- Data
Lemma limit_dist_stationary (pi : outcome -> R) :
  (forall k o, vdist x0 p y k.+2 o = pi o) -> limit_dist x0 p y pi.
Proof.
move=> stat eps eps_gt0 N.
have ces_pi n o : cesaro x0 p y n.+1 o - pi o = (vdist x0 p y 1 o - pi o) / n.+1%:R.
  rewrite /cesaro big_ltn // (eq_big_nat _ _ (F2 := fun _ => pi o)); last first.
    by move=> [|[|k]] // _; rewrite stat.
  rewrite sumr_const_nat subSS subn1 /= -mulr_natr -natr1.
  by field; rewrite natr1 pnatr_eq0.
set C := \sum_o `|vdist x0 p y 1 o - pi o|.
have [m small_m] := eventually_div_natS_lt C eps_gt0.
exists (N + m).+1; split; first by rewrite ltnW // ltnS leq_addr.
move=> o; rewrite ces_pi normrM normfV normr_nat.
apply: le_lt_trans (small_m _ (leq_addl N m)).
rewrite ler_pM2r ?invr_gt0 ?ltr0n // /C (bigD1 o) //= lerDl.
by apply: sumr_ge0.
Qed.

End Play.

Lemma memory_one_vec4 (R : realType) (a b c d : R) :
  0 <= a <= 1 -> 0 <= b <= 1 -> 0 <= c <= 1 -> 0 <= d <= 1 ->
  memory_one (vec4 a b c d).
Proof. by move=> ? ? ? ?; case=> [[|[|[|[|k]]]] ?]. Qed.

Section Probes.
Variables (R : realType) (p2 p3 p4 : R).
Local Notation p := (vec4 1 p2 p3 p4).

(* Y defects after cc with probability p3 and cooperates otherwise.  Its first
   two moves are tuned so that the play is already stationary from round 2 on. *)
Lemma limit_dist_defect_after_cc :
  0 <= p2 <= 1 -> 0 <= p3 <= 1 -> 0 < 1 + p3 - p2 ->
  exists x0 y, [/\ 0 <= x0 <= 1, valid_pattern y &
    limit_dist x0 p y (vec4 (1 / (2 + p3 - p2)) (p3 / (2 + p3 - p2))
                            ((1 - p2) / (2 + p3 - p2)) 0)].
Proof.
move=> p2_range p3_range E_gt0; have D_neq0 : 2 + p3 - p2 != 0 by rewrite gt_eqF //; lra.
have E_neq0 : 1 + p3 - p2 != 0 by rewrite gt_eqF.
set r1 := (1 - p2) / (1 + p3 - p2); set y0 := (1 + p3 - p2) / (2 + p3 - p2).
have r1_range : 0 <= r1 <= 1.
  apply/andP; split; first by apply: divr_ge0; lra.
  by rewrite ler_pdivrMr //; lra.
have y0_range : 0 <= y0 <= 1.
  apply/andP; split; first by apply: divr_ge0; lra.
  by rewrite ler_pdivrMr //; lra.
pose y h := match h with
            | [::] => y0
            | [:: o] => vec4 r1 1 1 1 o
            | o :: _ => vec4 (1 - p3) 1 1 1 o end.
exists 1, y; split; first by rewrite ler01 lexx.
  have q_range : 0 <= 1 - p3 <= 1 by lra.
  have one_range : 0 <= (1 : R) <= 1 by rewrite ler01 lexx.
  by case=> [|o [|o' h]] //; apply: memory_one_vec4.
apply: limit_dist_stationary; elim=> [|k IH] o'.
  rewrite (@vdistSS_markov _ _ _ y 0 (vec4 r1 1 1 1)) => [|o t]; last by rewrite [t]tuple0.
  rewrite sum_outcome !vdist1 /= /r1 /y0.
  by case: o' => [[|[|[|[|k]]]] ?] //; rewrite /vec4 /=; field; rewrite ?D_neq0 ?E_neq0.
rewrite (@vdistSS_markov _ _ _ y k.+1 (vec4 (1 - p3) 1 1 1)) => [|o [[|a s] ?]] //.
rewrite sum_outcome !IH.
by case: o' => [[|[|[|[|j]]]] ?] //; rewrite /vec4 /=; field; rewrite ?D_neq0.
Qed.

- What to do
Answer with the number alone: how many lines in the records include the word "realType"?

- Written solution
2